DIRECTIONS FOR THIS TASK:
Start with the first line of the data and end with the line that holds "From Stdlib Require Import Reals."; write out each one exactly.

(Stored items from a collection)
════════════════════
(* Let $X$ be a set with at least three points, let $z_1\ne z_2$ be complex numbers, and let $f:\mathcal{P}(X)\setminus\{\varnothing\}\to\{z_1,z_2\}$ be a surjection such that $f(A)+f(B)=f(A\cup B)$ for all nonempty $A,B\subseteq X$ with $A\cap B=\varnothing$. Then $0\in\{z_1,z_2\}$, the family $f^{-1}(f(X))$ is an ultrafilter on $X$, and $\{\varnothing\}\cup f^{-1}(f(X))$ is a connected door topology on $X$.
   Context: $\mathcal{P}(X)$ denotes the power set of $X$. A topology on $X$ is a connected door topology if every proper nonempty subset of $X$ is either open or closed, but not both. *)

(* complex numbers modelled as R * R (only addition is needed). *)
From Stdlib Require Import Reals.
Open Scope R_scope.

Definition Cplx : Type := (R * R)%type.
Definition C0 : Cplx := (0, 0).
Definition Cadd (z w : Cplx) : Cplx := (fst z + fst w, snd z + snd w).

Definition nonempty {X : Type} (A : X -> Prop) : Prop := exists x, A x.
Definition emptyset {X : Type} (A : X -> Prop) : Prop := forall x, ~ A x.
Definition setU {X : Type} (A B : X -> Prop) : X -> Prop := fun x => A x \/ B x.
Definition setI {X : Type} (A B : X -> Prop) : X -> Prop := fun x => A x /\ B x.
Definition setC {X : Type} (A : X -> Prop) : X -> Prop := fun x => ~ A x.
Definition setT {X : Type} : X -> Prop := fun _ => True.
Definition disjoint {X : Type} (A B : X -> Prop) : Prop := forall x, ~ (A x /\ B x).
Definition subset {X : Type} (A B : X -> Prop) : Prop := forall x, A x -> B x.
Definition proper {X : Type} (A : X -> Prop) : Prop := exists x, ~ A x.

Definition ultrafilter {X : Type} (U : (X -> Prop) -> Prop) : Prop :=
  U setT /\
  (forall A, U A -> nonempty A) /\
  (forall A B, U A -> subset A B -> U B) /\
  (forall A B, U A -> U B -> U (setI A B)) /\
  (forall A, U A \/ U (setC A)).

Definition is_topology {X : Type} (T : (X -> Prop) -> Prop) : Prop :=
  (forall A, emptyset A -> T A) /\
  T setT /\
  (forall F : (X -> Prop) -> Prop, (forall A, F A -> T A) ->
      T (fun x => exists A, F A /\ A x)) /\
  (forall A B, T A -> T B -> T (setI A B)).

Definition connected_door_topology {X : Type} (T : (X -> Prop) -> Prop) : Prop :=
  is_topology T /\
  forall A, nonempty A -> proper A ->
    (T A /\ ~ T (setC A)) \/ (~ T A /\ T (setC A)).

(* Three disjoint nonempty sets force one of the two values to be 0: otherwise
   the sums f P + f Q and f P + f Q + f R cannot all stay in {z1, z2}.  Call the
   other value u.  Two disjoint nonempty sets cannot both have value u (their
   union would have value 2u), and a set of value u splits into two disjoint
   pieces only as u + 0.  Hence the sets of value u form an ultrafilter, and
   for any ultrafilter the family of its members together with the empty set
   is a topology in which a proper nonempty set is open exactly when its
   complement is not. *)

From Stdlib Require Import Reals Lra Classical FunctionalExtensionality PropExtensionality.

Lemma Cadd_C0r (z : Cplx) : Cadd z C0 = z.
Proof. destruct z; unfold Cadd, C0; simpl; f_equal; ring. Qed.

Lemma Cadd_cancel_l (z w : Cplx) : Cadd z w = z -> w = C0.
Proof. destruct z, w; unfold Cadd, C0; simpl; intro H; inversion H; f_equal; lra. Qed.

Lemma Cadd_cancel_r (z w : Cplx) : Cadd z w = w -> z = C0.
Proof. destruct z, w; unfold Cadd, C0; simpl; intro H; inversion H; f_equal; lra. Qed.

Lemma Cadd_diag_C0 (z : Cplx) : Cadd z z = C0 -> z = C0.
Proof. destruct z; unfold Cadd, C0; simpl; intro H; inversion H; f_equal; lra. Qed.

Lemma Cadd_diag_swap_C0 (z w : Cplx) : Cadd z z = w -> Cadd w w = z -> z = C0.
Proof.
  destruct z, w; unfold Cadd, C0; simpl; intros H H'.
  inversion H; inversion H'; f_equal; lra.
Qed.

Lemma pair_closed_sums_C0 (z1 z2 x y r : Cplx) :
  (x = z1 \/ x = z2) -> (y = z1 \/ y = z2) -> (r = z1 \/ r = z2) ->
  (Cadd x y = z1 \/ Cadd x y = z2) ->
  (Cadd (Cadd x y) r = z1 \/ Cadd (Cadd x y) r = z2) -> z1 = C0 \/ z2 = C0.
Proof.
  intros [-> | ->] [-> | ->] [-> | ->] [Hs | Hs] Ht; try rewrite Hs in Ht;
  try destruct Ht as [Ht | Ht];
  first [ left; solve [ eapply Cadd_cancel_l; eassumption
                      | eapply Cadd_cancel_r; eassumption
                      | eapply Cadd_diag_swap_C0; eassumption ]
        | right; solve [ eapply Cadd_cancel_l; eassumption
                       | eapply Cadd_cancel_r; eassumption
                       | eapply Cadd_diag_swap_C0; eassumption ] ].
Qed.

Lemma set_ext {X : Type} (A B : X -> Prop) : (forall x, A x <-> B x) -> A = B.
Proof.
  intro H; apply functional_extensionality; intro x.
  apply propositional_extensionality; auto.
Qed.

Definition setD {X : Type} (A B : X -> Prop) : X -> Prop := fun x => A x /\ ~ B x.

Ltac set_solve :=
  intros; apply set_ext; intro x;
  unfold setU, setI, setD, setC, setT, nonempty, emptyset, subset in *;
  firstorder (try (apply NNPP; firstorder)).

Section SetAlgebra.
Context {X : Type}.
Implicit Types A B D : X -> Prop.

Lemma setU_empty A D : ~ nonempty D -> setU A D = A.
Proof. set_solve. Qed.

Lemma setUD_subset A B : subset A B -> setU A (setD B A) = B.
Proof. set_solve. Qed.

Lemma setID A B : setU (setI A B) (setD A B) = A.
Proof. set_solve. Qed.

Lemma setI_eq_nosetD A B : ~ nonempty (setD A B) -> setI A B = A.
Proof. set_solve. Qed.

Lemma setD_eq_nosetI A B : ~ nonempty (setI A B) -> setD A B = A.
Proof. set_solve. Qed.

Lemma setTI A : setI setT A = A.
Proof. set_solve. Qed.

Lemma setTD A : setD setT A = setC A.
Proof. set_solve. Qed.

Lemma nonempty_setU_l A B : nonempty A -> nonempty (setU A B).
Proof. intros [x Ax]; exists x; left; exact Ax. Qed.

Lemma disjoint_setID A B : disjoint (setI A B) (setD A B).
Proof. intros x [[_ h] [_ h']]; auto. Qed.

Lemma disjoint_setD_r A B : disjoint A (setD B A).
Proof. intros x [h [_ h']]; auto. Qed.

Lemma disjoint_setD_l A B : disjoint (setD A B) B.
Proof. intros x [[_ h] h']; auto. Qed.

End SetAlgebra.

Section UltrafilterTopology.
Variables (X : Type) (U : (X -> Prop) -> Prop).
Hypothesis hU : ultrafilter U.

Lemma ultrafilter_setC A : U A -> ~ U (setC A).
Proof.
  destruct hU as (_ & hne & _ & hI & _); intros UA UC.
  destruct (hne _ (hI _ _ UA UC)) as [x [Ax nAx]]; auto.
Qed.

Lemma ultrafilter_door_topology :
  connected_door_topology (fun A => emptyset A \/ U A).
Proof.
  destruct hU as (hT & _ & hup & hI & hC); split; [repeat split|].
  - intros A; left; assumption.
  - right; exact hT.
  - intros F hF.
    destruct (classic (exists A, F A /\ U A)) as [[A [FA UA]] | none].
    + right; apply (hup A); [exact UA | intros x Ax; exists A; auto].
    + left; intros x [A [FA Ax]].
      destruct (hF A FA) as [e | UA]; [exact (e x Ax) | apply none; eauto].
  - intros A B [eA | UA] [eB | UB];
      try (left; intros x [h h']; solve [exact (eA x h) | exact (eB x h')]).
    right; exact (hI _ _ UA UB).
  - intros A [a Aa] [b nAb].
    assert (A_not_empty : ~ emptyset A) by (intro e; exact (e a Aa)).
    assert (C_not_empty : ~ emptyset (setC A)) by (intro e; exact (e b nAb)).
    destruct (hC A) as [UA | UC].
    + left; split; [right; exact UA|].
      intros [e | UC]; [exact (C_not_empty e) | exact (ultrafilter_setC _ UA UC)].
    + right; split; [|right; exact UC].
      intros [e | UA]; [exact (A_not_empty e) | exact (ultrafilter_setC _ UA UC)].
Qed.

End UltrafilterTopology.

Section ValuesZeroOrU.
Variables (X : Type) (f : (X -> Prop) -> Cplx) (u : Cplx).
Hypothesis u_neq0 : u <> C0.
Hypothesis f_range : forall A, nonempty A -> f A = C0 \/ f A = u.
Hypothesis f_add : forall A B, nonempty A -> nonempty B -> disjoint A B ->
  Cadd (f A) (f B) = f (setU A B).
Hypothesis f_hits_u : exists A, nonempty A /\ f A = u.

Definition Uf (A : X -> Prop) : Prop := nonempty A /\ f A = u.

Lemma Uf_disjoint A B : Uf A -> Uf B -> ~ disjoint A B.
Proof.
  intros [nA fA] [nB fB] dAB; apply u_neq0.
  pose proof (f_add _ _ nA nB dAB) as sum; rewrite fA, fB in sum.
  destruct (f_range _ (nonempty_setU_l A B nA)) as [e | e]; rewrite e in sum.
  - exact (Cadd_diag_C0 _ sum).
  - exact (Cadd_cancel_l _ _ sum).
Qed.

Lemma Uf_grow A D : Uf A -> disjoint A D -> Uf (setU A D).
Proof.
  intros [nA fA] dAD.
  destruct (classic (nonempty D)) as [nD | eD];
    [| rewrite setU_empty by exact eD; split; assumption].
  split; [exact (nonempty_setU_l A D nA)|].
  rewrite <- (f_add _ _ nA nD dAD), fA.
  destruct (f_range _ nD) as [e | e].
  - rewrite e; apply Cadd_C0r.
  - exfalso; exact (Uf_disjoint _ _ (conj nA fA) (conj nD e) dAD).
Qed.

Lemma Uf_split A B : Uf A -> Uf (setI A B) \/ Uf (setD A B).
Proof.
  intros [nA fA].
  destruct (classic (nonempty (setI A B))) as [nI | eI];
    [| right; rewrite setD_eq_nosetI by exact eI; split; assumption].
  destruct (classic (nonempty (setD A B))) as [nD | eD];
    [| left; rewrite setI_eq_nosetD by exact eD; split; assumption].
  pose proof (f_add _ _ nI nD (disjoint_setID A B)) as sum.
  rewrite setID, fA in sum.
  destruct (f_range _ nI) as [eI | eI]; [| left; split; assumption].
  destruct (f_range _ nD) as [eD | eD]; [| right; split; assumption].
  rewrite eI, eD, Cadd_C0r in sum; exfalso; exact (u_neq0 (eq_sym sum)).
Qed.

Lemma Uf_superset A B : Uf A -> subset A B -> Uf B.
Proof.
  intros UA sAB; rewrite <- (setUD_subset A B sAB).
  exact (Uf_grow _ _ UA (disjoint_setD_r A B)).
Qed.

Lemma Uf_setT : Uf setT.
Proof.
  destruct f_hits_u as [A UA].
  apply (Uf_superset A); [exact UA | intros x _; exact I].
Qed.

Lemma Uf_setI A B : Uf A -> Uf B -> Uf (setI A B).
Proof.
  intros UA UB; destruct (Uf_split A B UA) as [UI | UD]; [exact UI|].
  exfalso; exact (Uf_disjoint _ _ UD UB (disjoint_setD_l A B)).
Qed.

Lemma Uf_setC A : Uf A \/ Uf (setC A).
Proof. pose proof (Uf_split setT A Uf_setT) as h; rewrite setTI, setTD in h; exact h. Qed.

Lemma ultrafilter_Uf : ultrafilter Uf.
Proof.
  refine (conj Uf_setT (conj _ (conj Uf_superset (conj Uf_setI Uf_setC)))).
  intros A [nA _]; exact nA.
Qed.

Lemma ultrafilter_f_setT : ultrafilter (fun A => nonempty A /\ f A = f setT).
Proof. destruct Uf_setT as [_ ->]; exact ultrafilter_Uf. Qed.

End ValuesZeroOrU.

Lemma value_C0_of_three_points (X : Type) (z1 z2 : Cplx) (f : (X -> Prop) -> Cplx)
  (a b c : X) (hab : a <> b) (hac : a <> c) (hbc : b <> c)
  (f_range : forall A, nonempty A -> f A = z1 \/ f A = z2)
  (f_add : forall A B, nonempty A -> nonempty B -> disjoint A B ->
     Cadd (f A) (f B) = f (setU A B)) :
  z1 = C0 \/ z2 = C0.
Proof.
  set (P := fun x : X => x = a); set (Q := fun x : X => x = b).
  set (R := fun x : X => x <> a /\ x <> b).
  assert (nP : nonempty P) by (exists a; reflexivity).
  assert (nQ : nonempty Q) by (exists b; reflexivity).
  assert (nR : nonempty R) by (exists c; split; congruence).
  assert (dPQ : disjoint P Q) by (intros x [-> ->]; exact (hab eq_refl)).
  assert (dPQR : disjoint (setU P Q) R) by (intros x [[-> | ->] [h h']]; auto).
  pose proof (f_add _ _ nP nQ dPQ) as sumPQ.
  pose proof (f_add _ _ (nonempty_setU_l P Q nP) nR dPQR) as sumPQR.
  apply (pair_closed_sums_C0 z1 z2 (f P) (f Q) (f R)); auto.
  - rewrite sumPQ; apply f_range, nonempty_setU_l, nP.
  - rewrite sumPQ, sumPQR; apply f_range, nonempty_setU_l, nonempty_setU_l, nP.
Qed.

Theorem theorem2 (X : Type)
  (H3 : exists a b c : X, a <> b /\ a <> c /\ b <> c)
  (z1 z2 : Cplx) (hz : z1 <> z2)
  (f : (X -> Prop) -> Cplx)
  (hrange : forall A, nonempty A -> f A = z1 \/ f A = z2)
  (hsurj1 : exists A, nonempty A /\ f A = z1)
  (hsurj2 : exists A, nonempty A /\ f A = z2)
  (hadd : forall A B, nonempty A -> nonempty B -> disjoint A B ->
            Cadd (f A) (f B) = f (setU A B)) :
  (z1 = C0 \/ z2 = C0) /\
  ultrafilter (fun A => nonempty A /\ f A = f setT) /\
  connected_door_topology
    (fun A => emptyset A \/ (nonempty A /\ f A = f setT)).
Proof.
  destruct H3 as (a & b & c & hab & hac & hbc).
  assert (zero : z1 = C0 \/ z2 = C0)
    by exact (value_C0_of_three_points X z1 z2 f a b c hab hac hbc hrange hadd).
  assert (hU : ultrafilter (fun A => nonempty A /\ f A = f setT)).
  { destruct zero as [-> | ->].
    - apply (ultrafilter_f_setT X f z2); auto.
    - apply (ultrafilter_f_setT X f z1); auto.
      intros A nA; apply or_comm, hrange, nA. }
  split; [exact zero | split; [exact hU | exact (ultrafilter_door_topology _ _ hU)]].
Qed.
════════════════════
WORKED SOLUTION:
(* Let $X$ be a set with at least three points, let $z_1\ne z_2$ be complex numbers, and let $f:\mathcal{P}(X)\setminus\{\varnothing\}\to\{z_1,z_2\}$ be a surjection such that $f(A)+f(B)=f(A\cup B)$ for all nonempty $A,B\subseteq X$ with $A\cap B=\varnothing$. Then $0\in\{z_1,z_2\}$, the family $f^{-1}(f(X))$ is an ultrafilter on $X$, and $\{\varnothing\}\cup f^{-1}(f(X))$ is a connected door topology on $X$.
   Context: $\mathcal{P}(X)$ denotes the power set of $X$. A topology on $X$ is a connected door topology if every proper nonempty subset of $X$ is either open or closed, but not both. *)

(* complex numbers modelled as R * R (only addition is needed). *)
From Stdlib Require Import Reals.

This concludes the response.